To help hedge against this problem, git provides developers a way to sign their actual pushes, as a means to attest “yes, I actually did intend to push these commits into this ref in this repository on this server, and here's my PGP signature to prove it.” When a push is signed, git will both check the signature it received against a trusted keyring and generate a “push certificate” that can be logged in something like a transparency log:

https://git.kernel.org/pub/scm/infra/transparency-logs/gitolite/git/1.git/plain/m?id=c06eebe4875d6103d580efcf8cd78cc9cc4b5192

Now, before you rush to enable signed pushes, please keep in mind that this functionality needs to first be enabled on the server side, and the vast majority of public git hosting forges do NOT have this turned on. Thankfully, git provides an if-asked setting, which will first check if the remote server supports signed pushes, and only generate the push certificate if the remote server accepts them. To enable this feature for yourself, simply add the following to your ~/.gitconfig:

[push]
    gpgSign = if-asked

Enabling on the server side

If you are running your own git server, then it is easy to enable this on the server side. Add the following either to each repository config file, or to /etc/gitconfig to enable it globally:

[receive]
    advertisePushOptions = true
    certNonceSeed = "<uniquerandomstring>"

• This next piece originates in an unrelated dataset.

(* Let $\Sigma$ be a language consisting only of $0$-ary predicate symbols, and let $\mathcal{T}_\Sigma$ be the family of all complete theories in $\Sigma$. If $\Sigma$ consists of $n\in\omega$ symbols, then ${\rm RS}(\mathcal{T}_\Sigma)=1$ and ${\rm ds}(\mathcal{T}_\Sigma)=2^n$. If $\Sigma$ has infinitely many symbols, then ${\rm RS}(\mathcal{T}_\Sigma)=\infty$.
   Context: Theories are complete consistent first-order theories; structures have nonempty universes. For a family $\mathcal{T}$ of theories and a sentence $\varphi$ of its language, $\mathcal{T}_\varphi=\{T\in\mathcal{T}\mid\varphi\in T\}$. The rank ${\rm RS}$ of a family is defined as follows: ${\rm RS}(\emptyset)=-1$; ${\rm RS}(\mathcal{T})=0$ for finite nonempty $\mathcal{T}$; ${\rm RS}(\mathcal{T})\ge 1$ for infinite $\mathcal{T}$; for $\alpha=\beta+1$, ${\rm RS}(\mathcal{T})\ge\alpha$ iff there are pairwise inconsistent sentences $\varphi_n$, $n\in\omega$, of the language of $\mathcal{T}$ with ${\rm RS}(\mathcal{T}_{\varphi_n})\ge\beta$ for all $n$; for limit $\alpha$, ${\rm RS}(\mathcal{T})\ge\alpha$ iff ${\rm RS}(\mathcal{T})\ge\beta$ for all $\beta<\alpha$; ${\rm RS}(\mathcal{T})=\alpha$ iff ${\rm RS}(\mathcal{T})\ge\alpha$ and not ${\rm RS}(\mathcal{T})\ge\alpha+1$; ${\rm RS}(\mathcal{T})=\infty$ if ${\rm RS}(\mathcal{T})\ge\alpha$ for every ordinal $\alpha$. If ${\rm RS}(\mathcal{T})=\alpha$ is an ordinal $\ge0$, the degree ${\rm ds}(\mathcal{T})$ is the maximal number of pairwise inconsistent sentences $\varphi_i$ with ${\rm RS}(\mathcal{T}_{\varphi_i})=\alpha$. *)

From Stdlib Require Import Arith List.
Set Implicit Arguments.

You should set the certNonceSeed setting to some randomly generated long string that should be kept secret. It is combined with the timestamp to generate a one-time value (“nonce”) that the git client is required to sign and provides both a mechanism to prevent replay attacks and to offer proof that the certificate was generated for that specific server (though for others to verify this, they would need to know the value of the nonce seed).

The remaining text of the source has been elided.